Fantastic Beasts: The Crimes of Grindelwald (2018)
134 min|Adventure, Family, Fantasy|16 Nov 2018
6.5Rating: 6.5 / 10 from 321,289 usersMetascore: 52
Gellert Grindelwald plans to raise an army of wizards to rule over non-magical beings. In response, Newt Scamander's former professor, Albus Dumbledore, seeks his help to stop him.

Fantastic Beasts: The Crimes of Grindelwald merupakan sekuel dari seri Fantastic Beasts and Where to Find Them yang juga prekuel dari seri Harry Potter. Sang kreator, J.K. Rowling, kini masih menulis naskahnya sekaligus memproduseri filmnya. Film ini kembali dibintangi oleh Eddie Redmayne, Katherine Waterston, Dan Fogler, Alison Sudol, Ezra Miller, Zoe Kravits, Jude Law, dan Johnny Depp. Film berbujet  US$ 200 juta ini, masih pula digarap oleh David Yates yang untuk keenam kalinya mengarahkan franchise yang diistilahkan Wizarding World, sejak Harry Potter and the Order of the Phoenix.

Alkisah, beberapa lama sejak sang antagonis besar dan penyihir gelap Gellert Grindelwald ditangkap dan ditahan di Amerika. Grindelwald akhirnya berhasil melarikan diri ketika ia akan dipindahkan ke Eropa.
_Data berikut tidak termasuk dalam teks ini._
(* On the constraint curve, Lambda_p^* differs from its value at z* = (z^q, 1)
   by the nonnegative gap (t.2 - 1 - ln t.2) / p: apply Lambda_star_dilation
   with l = t.2^(-1/p) (from t to z* ) and l = t.2^(1/p) (from z* to t). *)
Lemma Lambda_star_constr (z : R) (t : R * R) : constr_set p q z t ->
  Lambda_p_star p q t =
    (Lambda_p_star p q (z `^ q, 1)%R + ((t.2 - 1 - ln t.2) / p)%:E)%E.
Proof.
case: t => t1 t2 [/= t1_gt0 [t2_gt0 ht]].
set gap := (t2 - 1 - ln t2) / p.
have down := Lambda_star_dilation _ (t1, t2)
  (powR_gt0 (- p^-1) t2_gt0).
have down1 : t2 * (t2 `^ (- p^-1)) `^ p = 1.
  by rewrite -powRrM mulNr mulVf ?gt_eqF // powR_inv1 ?ltW // mulfV ?gt_eqF.
have down2 : t1 * (t2 `^ (- p^-1)) `^ q = z `^ q.
  by rewrite -ht powRM ?powR_ge0 // powR_invrK // ltW.
have down_gap : (t2 - 1) / p + ln (t2 `^ (- p^-1)) = gap.
  by rewrite ln_powR /gap; ring.
rewrite /= down1 down2 down_gap in down.
have up := Lambda_star_dilation _ (z `^ q, 1)
  (powR_gt0 (p^-1) t2_gt0).
have up1 : 1 * (t2 `^ p^-1) `^ p = t2 by rewrite mul1r powR_invrK // ltW.
have up2 : z `^ q * (t2 `^ p^-1) `^ q = t1.
  rewrite -ht -powRM ?mulr_ge0 ?powR_ge0 // -mulrA -powRD; last first.
    by rewrite addNr eqxx /= gt_eqF.
  by rewrite addNr powRr0 mulr1 powR_invrK // ltW.
have up_gap : (1 - t2) / p + ln (t2 `^ p^-1) = - gap.
  by rewrite ln_powR /gap; ring.
rewrite /= up1 up2 up_gap in up.
apply/le_anti/andP; split => //.
by have := leeD2r gap%:E up; rewrite -addeA -EFinD addNr adde0.
Qed.

End cumulant.



Theorem lemma2p4 (R : realType) (p q z : R) :
  1 <= q -> q < p -> m_pq p q < z ->
  J_p p q (z `^ q, 1) ->
  ereal_inf [set Lambda_p_star p q t | t in constr_set p q z]
    = Lambda_p_star p q (z `^ q, 1) /\
  constr_set p q z (z `^ q, 1) /\
  (forall t, constr_set p q z t ->
     Lambda_p_star p q t = Lambda_p_star p q (z `^ q, 1) -> t = (z `^ q, 1)).
Proof.
move=> q_ge1 q_lt_p mz [tau [_ grad]].
have q_gt0 : 0 < q by exact: lt_le_trans ltr01 q_ge1.
have p_gt0 : 0 < p by exact: lt_trans q_gt0 q_lt_p.
have z_gt0 : 0 < z by apply: le_lt_trans mz; exact: powR_ge0.
have normc_gt0 := normc_gt0_of_grad p q tau _ grad ltr01.
have [a mgf_tau] : exists a, mgf_p p q tau = a%:E.
  exists (fine (mgf_p p q tau)).
  by rewrite fineK // (mgf_fin_of_grad p q tau _ grad ltr01).
have star_fin := Lambda_star_grad p q p_gt0 q_gt0 normc_gt0 tau _ a grad mgf_tau.
have on_curve := Lambda_star_constr p q p_gt0 q_gt0 normc_gt0 z.
have z_on_curve : constr_set p q z (z `^ q, 1).
  split; first exact: powR_gt0.
  split; first exact: ltr01.
  by rewrite /= -powRrM mulfV ?gt_eqF // powRr1 ?ltW // powR1 mulr1.
have gap_ge0 t : constr_set p q z t -> 0 <= (t.2 - 1 - ln t.2) / p.
  by case=> _ [t2_gt0 _]; rewrite divr_ge0 ?subr_ge0 ?ln_le_subr1 ?ltW.
split; [|split=> //].
  apply/le_anti/andP; split; first by apply: ereal_inf_lbound; exists (z `^ q, 1).
  apply/ereal_infP => _ [t ht <-].
  by rewrite (on_curve _ ht) leeDl // lee_fin gap_ge0.
move=> [t1 t2] ht; rewrite (on_curve _ ht) star_fin.
case: ht => /= t1_gt0 [t2_gt0 ht].
rewrite -EFinD => -[] /eqP; rewrite -subr_eq0 addrAC subrr add0r mulf_eq0.
rewrite invr_eq0 (gt_eqF p_gt0) orbF subr_eq0 => /eqP ln_t2.
have t2_1 : t2 = 1 by apply: ln_eq_subr1 => //; exact/esym.
move: ht; rewrite t2_1 powR1 mulr1 => <-.
by rewrite powR_invrK // ltW.
Qed.
Lemma far_step_ineq d j p : 1 <= p -> 1 <= d -> (1 <= j)%nat ->
  (d + 1) ^ 2 <= (p + 1) * d ->
  (d + 1) ^ (S j) * p < (p + 1) ^ (S j) * d ^ j.
Proof.
  intros Hp Hd Hj H.
  assert (H1 : ((d + 1) ^ 2) ^ j <= ((p + 1) * d) ^ j)
    by (apply pow_incr; split; [apply pow_le; lra | exact H]).
  rewrite <- pow_mult, Rpow_mult_distr in H1.
  assert (H2 : (d + 1) ^ (S j) <= (d + 1) ^ (2 * j)) by (apply Rle_pow; lia || lra).
  simpl ((p + 1) ^ S j). assert (0 < (d + 1) ^ S j) by (apply pow_lt; lra).
  assert (0 < (p + 1) ^ j * d ^ j) by (apply Rmult_lt_0_compat; apply pow_lt; lra).
  nra.
Qed.

Lemma nonincr_chain (f : nat -> R) lo hi :
  (forall l, (lo <= l < hi)%nat -> f (S l) <= f l) ->
  forall l, (lo <= l <= hi)%nat -> f hi <= f l.
Proof.
  intros Hstep l Hl. remember (hi - l)%nat as k eqn:Hk. revert l Hl Hk.
  induction k as [|k IH]; intros l Hl Hk; [replace l with hi by lia; lra|].
  pose proof (IH (S l) ltac:(lia) ltac:(lia)). pose proof (Hstep l ltac:(lia)). lra.
Qed.

Section LastButOne.
Variables (n a : nat).
Hypothesis Hn : (4 <= n)%nat.
Hypothesis Ha : (1 <= a <= n - 1)%nat.
(* Let $G$ be a connected graph on $n$ vertices with maximum degree $\Delta\ge1$. Then $G$ contains a forest $F$ and disjoint vertex sets $A_0,A_1\subseteq V(G)$ such that (i) $A_0\cup A_1$ is an independent set in $G$; (ii) $d_F(v)=d_G(v)$ for all $v\in A_0$; (iii) $d_F(v)\ge d_G(v)-1$ for all $v\in A_1$; (iv) $|A_0|+\frac12|A_1|\ge \gamma_\Delta n$, where \[\gamma_\Delta=\frac{1}{\Delta^2+\Delta+2}+\frac{3}{2(\Delta^2+2\Delta+3)}.\]
   Context: $d_F(v)$ and $d_G(v)$ denote the degree of $v$ in $F$ and in $G$ respectively. *)

From mathcomp Require Import all_boot all_order all_algebra.
Set Implicit Arguments. Unset Strict Implicit. Unset Printing Implicit Defensive.
Import GRing.Theory Num.Theory.

Definition simple_graph (T : finType) (e : rel T) : Prop :=
  symmetric e /\ irreflexive e.

Definition deg (T : finType) (e : rel T) (v : T) : nat := #|[set y | e v y]|.

Definition maxdeg (T : finType) (e : rel T) : nat := \max_(v : T) deg e v.

Definition connected_graph (T : finType) (e : rel T) : Prop :=
  forall x y : T, connect e x y.

Definition subgraph (T : finType) (f g : rel T) : Prop :=
  forall x y, f x y -> g x y.

Definition remove_edge (T : finType) (f : rel T) (u v : T) : rel T :=
  fun x y => f x y && ~~ (((x == u) && (y == v)) || ((x == v) && (y == u))).

(* a forest: a simple graph in which no edge lies on a cycle, i.e. removing
   any edge uv disconnects u from v *)
Definition forest (T : finType) (f : rel T) : Prop :=
  simple_graph f /\
  forall u v, f u v -> ~~ connect (remove_edge f u v) u v.

Definition independent (T : finType) (e : rel T) (A : {set T}) : Prop :=
  forall x y, x \in A -> y \in A -> ~~ e x y.

Definition gamma (D : nat) : rat :=
  (1 / (D ^ 2 + D + 2)%N%:R + 3 / (2 * (D ^ 2 + 2 * D + 3))%N%:R)%R.

From mathcomp Require Import all_boot all_order all_algebra.
From mathcomp Require Import zify ring lra.
Import GRing.Theory Num.Theory.

Set Implicit Arguments.
Unset Strict Implicit.
Unset Printing Implicit Defensive.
Melihat hal ini, kepala sekolah Hogwarts, Albus Dumbledore diam-diam mengambil langkah strategis untuk mengutus Newt Scamander ke Paris dengan membawa misi rahasia untuk mencari keberadaan Credence yang ternyata masih hidup. Grinderwald diyakini tengah mengincar Credence karena kekuatan luar biasa yang tersembunyi dalam diri sang pemuda.
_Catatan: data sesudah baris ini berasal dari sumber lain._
Lemma is_derive_of_has_deriv_within (D : R -> Prop) (f df : R -> R) (x : R) :
  locally x D -> has_deriv_within D f df x -> is_derive f x (df x).
Proof.
  intros [d HD] Hf. apply is_derive_Reals. intros eps Heps.
  destruct (proj1 (filterlim_locally _ _) Hf (mkposreal eps Heps)) as [del Hdel].
  assert (Hmin : 0 < Rmin del d) by (apply Rmin_pos; apply cond_pos).
  exists (mkposreal _ Hmin). intros k Hk0 Hk. simpl in Hk.
  pose proof (Rmin_l del d). pose proof (Rmin_r del d).
  assert (Hball : forall e : R, Rabs k < e -> ball x e (x + k)).
  { intros e He. change (Rabs (x + k - x) < e). replace (x + k - x) with k by ring. exact He. }
  specialize (Hdel (x + k) (Hball del ltac:(lra))).
  assert (Hxk : D (x + k) /\ x + k <> x) by (split; [apply HD, Hball; lra | lra]).
  specialize (Hdel Hxk). change (Rabs ((f (x + k) - f x) / (x + k - x) - df x) < eps) in Hdel.
  replace (x + k - x) with k in Hdel by ring. exact Hdel.
Qed.

Lemma locally_halfline (a x : R) : a < x -> locally x (fun u => a <= u).
Proof.
  intros Hx. apply (filter_imp (fun u => a < u)); [intros; lra |].
  apply open_gt, Hx.
Qed.

Lemma C1_on_is_derive (D : R -> Prop) (f df : R -> R) (x : R) :
  C1_on D f df -> D x -> locally x D -> is_derive f x (df x).
Proof.
  intros Hf Hx HD. apply (is_derive_of_has_deriv_within D); [exact HD | apply Hf, Hx].
Qed.
Definition Delta (alpha phii : R) (i : 'I_n) (qi : Sl i -> A i -> R)
  (mui : Sl i -> A i -> R) (si : Sl i) : R :=
  \sum_(b : A i) expR (phii / (1 + alpha) * qi si b + ln (mui si b)).

End Defs.

From HB Require Import structures.
From mathcomp Require Import all_boot all_order all_algebra perm.
From mathcomp Require Import reals sequences exp.
From mathcomp Require Import ring lra.
Set Implicit Arguments. Unset Strict Implicit. Unset Printing Implicit Defensive.
Import Order.TTheory GRing.Theory Num.Theory.
Local Open Scope ring_scope.

(* Because mu^U is a product of local policies, mu^U(a | s) w(s, a) factors as
   m(s_i, a_i) G(s, a), where m(s_i, b) = exp(phi_i q_i(s_i, b) / (1 + alpha)
   + log mu_i(b | s_i)) and G does not depend on a_i.  Summing out the other
   agents' actions, the objective becomes
   sum_s c(s) sum_b m(s_i, b) log pi_i(b | s_i) with c >= 0 and c(s) > 0
   whenever d(s) > 0.  By Gibbs' inequality, each inner sum is uniquely
   maximised by the normalisation of m(s_i, .), so an optimal pi_i must agree
   with it on every local state that is reached with positive probability. *)

Lemma sumr_gt0 (R : numDomainType) (I : finType) (P : pred I) (F : I -> R) i0 :
  P i0 -> (forall i, P i -> 0 < F i) -> 0 < \sum_(i | P i) F i.
Proof.
move=> Pi0 F_gt0; rewrite (bigD1 i0) //=; apply: ltr_wpDr; last exact: F_gt0.
by apply: sumr_ge0 => i /andP[Pi _]; exact: ltW (F_gt0 i Pi).
Qed.
Arguments sumr_gt0 {R I P F} i0.

Section Gibbs.
Variables (R : realType) (B : finType).

Lemma ln_le_sub1 (t : R) : 0 < t -> ln t <= t - 1.
Proof. by move=> t_gt0; have := expR_ge1Dx (ln t); rewrite lnK ?posrE //; lra. Qed.

Lemma ln_lt_sub1 (t : R) : 0 < t -> t != 1 -> ln t < t - 1.
Proof.
move=> t_gt0 t_neq1; have lnt_neq0 : ln t != 0 by rewrite ln_eq0.
by have := expR_gt1Dx lnt_neq0; rewrite lnK ?posrE //; lra.
Qed.

Definition weighted_loglik (m p : B -> R) : R := \sum_b m b * ln (p b).

Definition normalized (m : B -> R) (b : B) : R := m b / \sum_b' m b'.

Lemma normalized_gt0 (m : B -> R) b :
  (forall b, 0 < m b) -> 0 < normalized m b.
Proof.
move=> m_gt0; rewrite /normalized divr_gt0 //.
by apply: (sumr_gt0 b) => // ? _.
Qed.

Lemma sum_normalized (m : B -> R) (b0 : B) :
  (forall b, 0 < m b) -> \sum_b normalized m b = 1.
Proof.
move=> m_gt0; rewrite /normalized -mulr_suml divff // gt_eqF //.
by apply: (sumr_gt0 b0) => // ? _.
Qed.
Setelah segmen aksi pembuka sensasional yang berujung kaburnya Grindelwald, kisahnya berawal dan mengalir dari momen ini. Belum pernah, sejak seri Harry Potter pertama, kisah seri ini begitu kompleks dan membingungkan. Penonton awam dijamin bakal kesulitan mencerna kisah filmnya, walau mungkin inti kisahnya jelas bakal mengarah ke mana. Untuk bisa memahami semua dalam sekali tonton rasanya butuh pengetahuan luas tentang novel Harry Potter juga seri pertama Fantastic Beasts. Rowling memang dikenal mampu menulis seri novelnya dengan detail dan kerumitan cerita yang luar biasa, namun sedikit mengejutkan jika ia menerapkannya dalam naskah film ini.
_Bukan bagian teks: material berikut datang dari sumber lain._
(* Let $n\geq 3$, let $H$ be a $1$-dimensional linear subspace of $\mathbb{R}^n$, and let $O(n)_H=\{\psi\in O(n): \psi x=x \text{ for all } x\in H\}$ be its pointwise stabilizer in $O(n)$. Let $\phi\in O(n)$ be such that $\phi H\neq H$. If $E\subset S^{n-1}$ is nonempty, closed, and satisfies $\phi E=E$ and $\psi E=E$ for every $\psi\in O(n)_H$, then $E=S^{n-1}$.
   Context: $S^{n-1}$ is the unit sphere in $\mathbb{R}^n$ and $O(n)$ the orthogonal group. *)

(* Vectors of R^n are row vectors 'rV[R]_n,
   a matrix acts on the right: x |-> x *m A. *)
From HB Require Import structures.
From mathcomp Require Import all_boot all_order all_algebra.
From mathcomp Require Import all_classical all_reals all_analysis.
Set Implicit Arguments. Unset Strict Implicit. Unset Printing Implicit Defensive.
Import Order.TTheory GRing.Theory Num.Theory.
Import numFieldNormedType.Exports.
Local Open Scope ring_scope.
Local Open Scope classical_set_scope.

Definition dotv {R : realType} {n : nat} (x y : 'rV[R]_n) : R :=
  \sum_(i < n) x ord0 i * y ord0 i.

Definition sphere (R : realType) (n : nat) : set 'rV[R]_n :=
  [set x | dotv x x = 1].

Definition orthogonal_mx {R : realType} {n : nat} (Q : 'M[R]_n) : Prop :=
  Q *m Q^T = 1%:M.

Definition subspace_of {R : realType} {m n : nat} (H : 'M[R]_(m, n)) : set 'rV[R]_n :=
  [set x | (x <= H)%MS].

Definition mx_image {R : realType} {n : nat} (A : 'M[R]_n) (E : set 'rV[R]_n) : set 'rV[R]_n :=
  [set x *m A | x in E].

(* Invariance of E under the pointwise stabilizer of a unit vector h makes E,
   via Householder reflections, a union of the "latitudes" {x in S : <x,h> = a}
   of S^{n-1}. The same holds for g = h phi, whose stabilizer is the conjugate
   of that of h. Write g = c h + s u with u orthogonal to h and s > 0, and (as
   n >= 3) pick a unit w orthogonal to h and u. Travelling along a g-latitude
   from the h-latitude a reaches every h-latitude a' in [-1, 1] with
   c^2 (a' - a)^2 <= s^2 (1 - a'^2), a relative neighbourhood of a. The set of
   h-latitudes contained in E is therefore nonempty, relatively open and (E
   being closed) closed in [-1, 1], hence all of it. *)

From HB Require Import structures.
From mathcomp Require Import all_boot all_order all_algebra.
From mathcomp Require Import all_classical all_reals all_analysis.
From mathcomp Require Import ring lra zify.
Import Order.TTheory GRing.Theory Num.Theory.
Import numFieldNormedType.Exports.
Local Open Scope ring_scope.
Local Open Scope classical_set_scope.

Section InnerProduct.
Context {R : realType} {n : nat}.
Implicit Types (x y z : 'rV[R]_n) (A : 'M[R]_n).

Lemma dotvE x y : dotv x y = (x *m y^T) 0 0.
Proof. by rewrite /dotv mxE; apply: eq_bigr => i _; rewrite mxE. Qed.

Lemma dotvC x y : dotv x y = dotv y x.
Proof. by apply: eq_bigr => i _; rewrite mulrC. Qed.

Lemma dotvDl x y z : dotv (x + y) z = dotv x z + dotv y z.
Proof. by rewrite /dotv -big_split; apply: eq_bigr => i _; rewrite mxE mulrDl. Qed.

Lemma dotvZl k x z : dotv (k *: x) z = k * dotv x z.
Proof. by rewrite /dotv mulr_sumr; apply: eq_bigr => i _; rewrite mxE mulrA. Qed.

Lemma dotvBl x y z : dotv (x - y) z = dotv x z - dotv y z.
Proof. by rewrite dotvDl -scaleN1r dotvZl mulN1r. Qed.

Lemma dotvDr x y z : dotv z (x + y) = dotv z x + dotv z y.
Proof. by rewrite ![dotv z _]dotvC dotvDl. Qed.

Lemma dotvZr k x z : dotv z (k *: x) = k * dotv z x.
Proof. by rewrite ![dotv z _]dotvC dotvZl. Qed.

Lemma dotvBr x y z : dotv z (x - y) = dotv z x - dotv z y.
Proof. by rewrite ![dotv z _]dotvC dotvBl. Qed.

Lemma dotv_mulmxl x y A : dotv (x *m A) y = dotv x (y *m A^T).
Proof. by rewrite !dotvE trmx_mul trmxK mulmxA. Qed.

Lemma dotv_ge0 x : 0 <= dotv x x.
Proof. by apply: sumr_ge0 => i _; rewrite -expr2 sqr_ge0. Qed.

Lemma dotv_eq0 x : (dotv x x == 0) = (x == 0).
Proof.
apply/eqP/eqP => [x0|->]; last by rewrite /dotv big1 // => i _; rewrite mxE mul0r.
apply/rowP => i; rewrite mxE; apply/eqP; rewrite -sqrf_eq0 expr2; apply/eqP.
by move: x0 => /psumr_eq0P; apply => // j _; rewrite -expr2 sqr_ge0.
Qed.

Lemma dotv_gt0 x : (0 < dotv x x) = (x != 0).
Proof. by rewrite lt_def dotv_ge0 andbT dotv_eq0. Qed.

Lemma mulmx_trmx_row x y : x *m y^T *m y = dotv x y *: y.
Proof. by rewrite [x *m y^T]mx11_scalar mul_scalar_mx dotvE. Qed.

(* Cauchy-Schwarz: expand [0 <= |x - <x,z> z|^2]. *)
Lemma dotv_unit_sqr_le1 {x z} :
  dotv x x = 1 -> dotv z z = 1 -> dotv x z ^+ 2 <= 1.
Proof.
move=> xx zz; have := dotv_ge0 (x - dotv x z *: z).
by rewrite !dotvBl !dotvBr !dotvZl !dotvZr xx zz (dotvC z x); lra.
Qed.

Lemma dotv_unit_sqr_eq1 {x z} :
  dotv x x = 1 -> dotv z z = 1 -> dotv x z ^+ 2 = 1 -> x = dotv x z *: z.
Proof.
move=> xx zz xz; apply/eqP; rewrite -subr_eq0 -dotv_eq0.
rewrite !dotvBl !dotvBr !dotvZl !dotvZr xx zz (dotvC z x).
by rewrite mulr1 -expr2 xz !subrr.
Qed.

Definition normalize x : 'rV[R]_n := (Num.sqrt (dotv x x))^-1 *: x.

Lemma dotv_normalize {x} : x != 0 -> dotv (normalize x) (normalize x) = 1.
Proof.
rewrite -dotv_gt0 => x0; rewrite dotvZl dotvZr mulrA -expr2 exprVn.
by rewrite sqr_sqrtr ?mulVf ?lt0r_neq0 // ltW.
Qed.

Lemma normalizeK x : x = Num.sqrt (dotv x x) *: normalize x.
Proof.
have [->|x0] := eqVneq x 0; first by rewrite /normalize !scaler0.
by rewrite scalerA divff ?scale1r // sqrtr_eq0 -ltNge dotv_gt0.
Qed.

End InnerProduct.

Section Orthogonal.
Context {R : realType} {n : nat}.
Implicit Types (x y v : 'rV[R]_n) (A B : 'M[R]_n) (E : set 'rV[R]_n).

Lemma orthogonal_mx_trmxK A : orthogonal_mx A -> A^T *m A = 1%:M.
Proof. exact: mulmx1C. Qed.

Lemma orthogonal_mx_trmx A : orthogonal_mx A -> orthogonal_mx A^T.
Proof. by move=> oA; rewrite /orthogonal_mx trmxK orthogonal_mx_trmxK. Qed.

Lemma orthogonal_mxM A B :
  orthogonal_mx A -> orthogonal_mx B -> orthogonal_mx (A *m B).
Proof.
rewrite /orthogonal_mx => oA oB.
by rewrite trmx_mul mulmxA -(mulmxA A) oB mulmx1 oA.
Qed.

Definition householder v : 'M[R]_n := 1%:M - (2 / dotv v v) *: (v^T *m v).

Lemma householderE x v :
  x *m householder v = x - (2 * dotv x v / dotv v v) *: v.
Proof.
by rewrite mulmxBr mulmx1 -scalemxAr mulmxA mulmx_trmx_row scalerA mulrAC.
Qed.

Lemma householder_fix x v : dotv x v = 0 -> x *m householder v = x.
Proof. by move=> xv; rewrite householderE xv mulr0 mul0r scale0r subr0. Qed.

Lemma householder_orthogonal v : orthogonal_mx (householder v).
Proof.
have [->|v0] := eqVneq v 0.
  by rewrite /orthogonal_mx /householder trmx0 mul0mx scaler0 subr0 trmx1 mulmx1.
have vv : dotv v v != 0 by rewrite dotv_eq0.
rewrite /orthogonal_mx; have -> : (householder v)^T = householder v.
  by rewrite /householder linearB /= linearZ /= trmx1 trmx_mul trmxK.
apply/row_matrixP => i; rewrite !rowE mulmxA !householderE mulmx1.
rewrite dotvBl dotvZl -addrA -opprD -scalerDl.
set k := (X in X *: v); suff -> : k = 0 by rewrite scale0r subr0.
by rewrite /k; field.
Qed.

Lemma householder_swap {x y} :
  dotv x x = dotv y y -> x *m householder (x - y) = y.
Proof.
move=> xy; have [<-|neq] := eqVneq x y; first by rewrite householder_fix // dotvBr subrr.
have vv : dotv (x - y) (x - y) = 2 * dotv x (x - y).
  by rewrite !dotvBl !dotvBr (dotvC y x) xy; ring.
rewrite householderE vv divff; first by rewrite scale1r opprB addrC subrK.
by rewrite -vv dotv_eq0 subr_eq0.
Qed.

Definition stabilizer_invariant E v :=
  forall psi, orthogonal_mx psi -> v *m psi = v -> forall x, E x -> E (x *m psi).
Separuh awal cerita, bisa jadi masih mampu dicerna, namun sisa cerita selanjutnya butuh pengamatan ekstra jeli untuk memahaminya secara utuh. Pembicaraan di areal makam di segmen akhir, jujur saja, saya tidak bisa mengerti apa yang mereka bincangkan. What the heck is going on? Semua informasi serba tumpang tindih dan rumit, bahkan untuk sejenak, saya bahkan lupa, ini siapa dan itu siapa. Oke kita tahu, semua ini berujung ke klimaks yang jelas mudah diantisipasi kelak akan mengarah ke mana. Kisah film ini dan sebelumnya, boleh dibilang hanya berfungsi sebagai eksposisi (latar cerita) untuk kisah berikutnya kelak. Tak menjamin pula, kisah film berikutnya bakal tidak mengulangi formula “eksposisi” yang sama, entahlah, mungkin menjelang klimaks serinya kelak? Hal yang tidak bisa dimengerti, mengapa harus membuatnya serumit ini? Satu hal lagi yang bagi saya cukup fatal adalah kini filmnya terlalu serius dan tanpa porsi humor yang cukup, tak seperti sebelumnya.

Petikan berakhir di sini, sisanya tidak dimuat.